** TASK BRIEF **
The answer is a stretch of the material below, returned exactly: the line containing "fun i j => \big[mp_add/None]_(k < n) mp_mul", the line containing "Definition arc (i", and all lines between.

────────

(* Let $A\in\mathbb{R}_{\max}^{n\times n}$ with $\lambda(A)=0$, let $g=g(\mathrm{crit}(A))$, assume $T_1(A)=\mathrm{DM}(g,n)$ and that $\mathrm{crit}(A)$ contains, up to choice of first node, a unique cycle $Z_0$ of length $g$. Let $i$ be a node of $Z_0$ and $j$ a node not in $Z_0$. Then in any interesting walk: (i) between any two consecutive occurrences of $i$ there is exactly one occurrence of $j$; (ii) there is exactly one occurrence of $j$ before the first occurrence of $i$ and exactly one occurrence of $j$ after the last occurrence of $i$.
   Context: Max-plus semiring $\mathbb{R}_{\max}=\mathbb{R}\cup\{-\infty\}$ with $a\oplus b=\max(a,b)$, $a\otimes b=a+b$; $(AB)_{ij}=\max_k(a_{ik}+b_{kj})$; $A^t$ is the $t$-th max-plus power, $A^0=I$. $\mathcal{D}(A)$ is the digraph on $\{1,\dots,n\}$ with arc $(i,j)$ of weight $a_{ij}$ whenever $a_{ij}\ne-\infty$. A walk is a node sequence whose consecutive pairs are arcs, its length is its number of arcs and its weight the sum of its arc weights; cycles are closed walks with no proper closed subwalk. $\lambda(A)$ is the maximal cycle mean. $\mathrm{crit}(A)$ is the subgraph of all nodes and arcs of cycles attaining $\lambda(A)$; its nodes are critical. $g(\mathrm{crit}(A))$ is the maximum over strongly connected components of $\mathrm{crit}(A)$ of their minimal cycle length. The cyclicity of $\mathrm{crit}(A)$ is the lcm over components of the gcd of their cycle lengths. CSR terms: with $\gamma$ the cyclicity of $\mathrm{crit}(A)$ and $\lambda(A)=0$, $M=I\oplus N\oplus\dots\oplus N^{n-1}$ where $N=A^\gamma$: $c_{ij}=m_{ij}$ if $j$ critical, else $-\infty$; $r_{ij}=m_{ij}$ if $i$ critical, else $-\infty$; $s_{ij}=a_{ij}$ if $(i,j)$ is an arc of $\mathrm{crit}(A)$, else $-\infty$; $CS^tR[A]$ is the product $CS^tR$. $B_N$ has $(B_N)_{ij}=-\infty$ if $i$ or $j$ is critical and $a_{ij}$ otherwise. $T_1(A)$ is the least $T\ge0$ with $A^t=CS^tR[A]\oplus B_N^t$ for all $t\ge T$. $\mathrm{DM}(g,n)=g(n-2)+n$. Twice optimal / interesting walks: a walk $W$ from $i$ to $j$ passing through at least one node of $Z_0$ is twice optimal if it has maximal weight among all walks from $i$ to $j$ passing through a node of $Z_0$ whose length is congruent to the length of $W$ modulo $g$, and has minimal length among all such walks of maximal weight. It is interesting if it is twice optimal and has length $\mathrm{DM}(g,n)+g-1$. *)

(* Max-plus matrices over an arbitrary real field R
   (the paper's R is the instance R = real numbers); -oo is None. *)
From HB Require Import structures.
From mathcomp Require Import all_boot all_order all_algebra.
From Stdlib Require Import ClassicalEpsilon.
Set Implicit Arguments. Unset Strict Implicit. Unset Printing Implicit Defensive.
Import Order.TTheory GRing.Theory Num.Theory.

Definition asbool (P : Prop) : bool :=
  if excluded_middle_informative P then true else false.

Section MaxPlus.
Variable R : realFieldType.

Definition mp := option R.  (* None = -oo *)
Definition mp_add (x y : mp) : mp :=
  match x, y with
  | None, _ => y
  | _, None => x
  | Some a, Some b => Some (Num.max a b)
  end.
Definition mp_mul (x y : mp) : mp :=
  match x, y with
  | Some a, Some b => Some (a + b)%R
  | _, _ => None
  end.

Variable n : nat.
Definition mxmp := 'I_n -> 'I_n -> mp.
Definition mp_id : mxmp := fun i j => if i == j then Some 0%R else None.
Definition mp_prod (A B : mxmp) : mxmp :=
  fun i j => \big[mp_add/None]_(k < n) mp_mul (A i k) (B k j).
Definition mp_plus (A B : mxmp) : mxmp := fun i j => mp_add (A i j) (B i j).
Fixpoint mp_pow (A : mxmp) (t : nat) : mxmp :=
  match t with 0 => mp_id | t'.+1 => mp_prod (mp_pow A t') A end.

Variable A : mxmp.

Definition arc (i j : 'I_n) : bool := A i j != None.

(* walks are nonempty node sequences; length = number of arcs *)
Definition arcs (w : seq 'I_n) := zip w (behead w).
Definition is_walk (w : seq 'I_n) : Prop :=
  w <> [::] /\ forall e, e \in arcs w -> arc e.1 e.2.
Definition wlen (w : seq 'I_n) : nat := (size w).-1.
Definition wweight (w : seq 'I_n) : R :=
  (\sum_(e <- arcs w) odflt 0 (A e.1 e.2))%R.
Definition walk_from_to (w : seq 'I_n) (u v : 'I_n) : Prop :=
  is_walk w /\ onth w 0 = Some u /\ onth w (wlen w) = Some v.

(* cycles: closed walks (length >= 1) with no proper closed subwalk *)
Definition is_cycle (w : seq 'I_n) : Prop :=
  is_walk w /\ (0 < wlen w)%N /\ onth w 0 = onth w (wlen w) /\
  forall a b : nat, (a < b <= wlen w)%N -> (a, b) <> (0%N, wlen w) ->
    onth w a <> onth w b.
Definition cmean (c : seq 'I_n) : R := (wweight c / (wlen c)%:R)%R.

Definition max_cycle_mean (l : R) : Prop :=
  (exists c, is_cycle c /\ cmean c = l) /\
  (forall c, is_cycle c -> (cmean c <= l)%R).

Definition crit_cycle (c : seq 'I_n) : Prop :=
  is_cycle c /\ forall c', is_cycle c' -> (cmean c' <= cmean c)%R.
Definition crit_node (k : 'I_n) : Prop := exists c, crit_cycle c /\ k \in c.
Definition crit_arc (k l : 'I_n) : Prop :=
  exists c, crit_cycle c /\ (k, l) \in arcs c.
Definition crit_walk (w : seq 'I_n) : Prop :=
  w <> [::] /\ (forall x, x \in w -> crit_node x) /\
  forall e, e \in arcs w -> crit_arc e.1 e.2.
Definition crit_graph_cycle (c : seq 'I_n) : Prop :=
  is_cycle c /\ crit_walk c.
Definition same_scc (k l : 'I_n) : Prop :=
  crit_node k /\ crit_node l /\
  (exists w, crit_walk w /\ onth w 0 = Some k /\ onth w (wlen w) = Some l) /\
  (exists w, crit_walk w /\ onth w 0 = Some l /\ onth w (wlen w) = Some k).
Definition comp_cycle_len (k : 'I_n) (m : nat) : Prop :=
  exists c, crit_graph_cycle c /\ wlen c = m /\ forall x, x \in c -> same_scc k x.
Definition comp_min_cycle_len (k : 'I_n) (m : nat) : Prop :=
  comp_cycle_len k m /\ forall m', comp_cycle_len k m' -> (m <= m')%N.
(* g = g(crit(A)) : max over components of the minimal cycle length *)
Definition crit_girth (g : nat) : Prop :=
  (exists k, crit_node k /\ comp_min_cycle_len k g) /\
  (forall k m, crit_node k -> comp_min_cycle_len k m -> (m <= g)%N).
Definition comp_gcd (k : 'I_n) (d : nat) : Prop :=
  (forall m, comp_cycle_len k m -> (d %| m)%N) /\
  (forall d', (forall m, comp_cycle_len k m -> (d' %| m)%N) -> (d' %| d)%N).
(* gamma = cyclicity of crit(A) : lcm over components of these gcds *)
Definition crit_cyclicity (gamma : nat) : Prop :=
  (forall k d, crit_node k -> comp_gcd k d -> (d %| gamma)%N) /\
  (forall G, (forall k d, crit_node k -> comp_gcd k d -> (d %| G)%N) ->
     (gamma %| G)%N).

Definition csr_M (gamma : nat) : mxmp :=
  fun i j => \big[mp_add/None]_(k < n) mp_pow (mp_pow A gamma) k i j.
Definition csr_C (gamma : nat) : mxmp :=
  fun i j => if asbool (crit_node j) then csr_M gamma i j else None.
Definition csr_R (gamma : nat) : mxmp :=
  fun i j => if asbool (crit_node i) then csr_M gamma i j else None.
Definition csr_S : mxmp :=
  fun i j => if asbool (crit_arc i j) then A i j else None.
Definition B_N : mxmp :=
  fun i j => if asbool (crit_node i) || asbool (crit_node j) then None else A i j.
Definition CStR (gamma t : nat) : mxmp :=
  mp_prod (mp_prod (csr_C gamma) (mp_pow csr_S t)) (csr_R gamma).
Definition csr_holds (gamma t : nat) : Prop :=
  forall i j, mp_pow A t i j = mp_plus (CStR gamma t) (mp_pow B_N t) i j.
Definition T1_is (T : nat) : Prop :=
  exists gamma, crit_cyclicity gamma /\
    (forall t, (T <= t)%N -> csr_holds gamma t) /\
    (forall T', (forall t, (T' <= t)%N -> csr_holds gamma t) -> (T <= T')%N).

Definition unique_crit_cycle (g : nat) (Z0 : seq 'I_n) : Prop :=
  crit_graph_cycle Z0 /\ wlen Z0 = g /\
  forall c, crit_graph_cycle c -> wlen c = g ->
    exists k, behead c = rot k (behead Z0).

Definition through (Z0 w : seq 'I_n) : bool := has (fun x => x \in Z0) w.
Definition twice_optimal (Z0 : seq 'I_n) (g : nat) (W : seq 'I_n) : Prop :=
  exists u v, walk_from_to W u v /\ through Z0 W /\
  (forall V, walk_from_to V u v -> through Z0 V ->
     wlen V = wlen W %[mod g] -> (wweight V <= wweight W)%R) /\
  (forall V, walk_from_to V u v -> through Z0 V ->
     wlen V = wlen W %[mod g] -> wweight V = wweight W -> (wlen W <= wlen V)%N).

End MaxPlus.

Definition DM (g n : nat) : nat := g * (n - 2) + n.

Definition interesting (R : realFieldType) (n : nat) (A : mxmp R n)
  (Z0 : seq 'I_n) (g : nat) (W : seq 'I_n) : Prop :=
  twice_optimal A Z0 g W /\ wlen W = (DM g n + g - 1)%N.

From HB Require Import structures.
From mathcomp Require Import all_boot all_order all_algebra.
From mathcomp Require Import zify lra.
Set Implicit Arguments. Unset Strict Implicit. Unset Printing Implicit Defensive.
Import Order.TTheory GRing.Theory Num.Theory.

(* Since lambda(A) = 0, closed walks have nonpositive weight, so cutting closed
   subwalks out of a walk keeps its endpoints and does not decrease its weight.
   As W is twice optimal, one cannot cut out a nonempty family of closed
   subwalks of total length divisible by g while keeping a node of Z0, and by
   pigeonhole on prefix sums any g closed subwalks contain such a family.
   Splitting W into the loops that return to a node y shows that y occurs at
   most g times if y lies on Z0, and at most g + 1 times otherwise.  These
   bounds add up to n (g + 1) - g, the number of nodes of an interesting walk,
   so all of them are attained: i occurs g times and j occurs g + 1 times.
   No i lies outside the g loops of j, and no such loop contains two i's (the
   closed subwalk between them would be one more removable piece), so each
   contains exactly one: i and j alternate, beginning and ending with j. *)

Lemma onth_nth_size {T : Type} (x0 : T) s k :
  k < size s -> onth s k = Some (nth x0 s k).
Proof. by move=> ks; rewrite onthE (nth_map x0). Qed.

Lemma split_first {T : eqType} (y : T) s :
  y \in s -> exists s1 s2, s = s1 ++ y :: s2 /\ y \notin s1.
Proof.
move=> ys; exists (take (index y s) s), (drop (index y s).+1 s); split.
  by rewrite -[LHS](cat_take_drop (index y s)) (drop_nth y) ?index_mem ?nth_index.
by rewrite in_take // ltnn.
Qed.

────────

** EXPECTED ANSWER **
  fun i j => \big[mp_add/None]_(k < n) mp_mul (A i k) (B k j).
Definition mp_plus (A B : mxmp) : mxmp := fun i j => mp_add (A i j) (B i j).
Fixpoint mp_pow (A : mxmp) (t : nat) : mxmp :=
  match t with 0 => mp_id | t'.+1 => mp_prod (mp_pow A t') A end.

Variable A : mxmp.

Definition arc (i j : 'I_n) : bool := A i j != None.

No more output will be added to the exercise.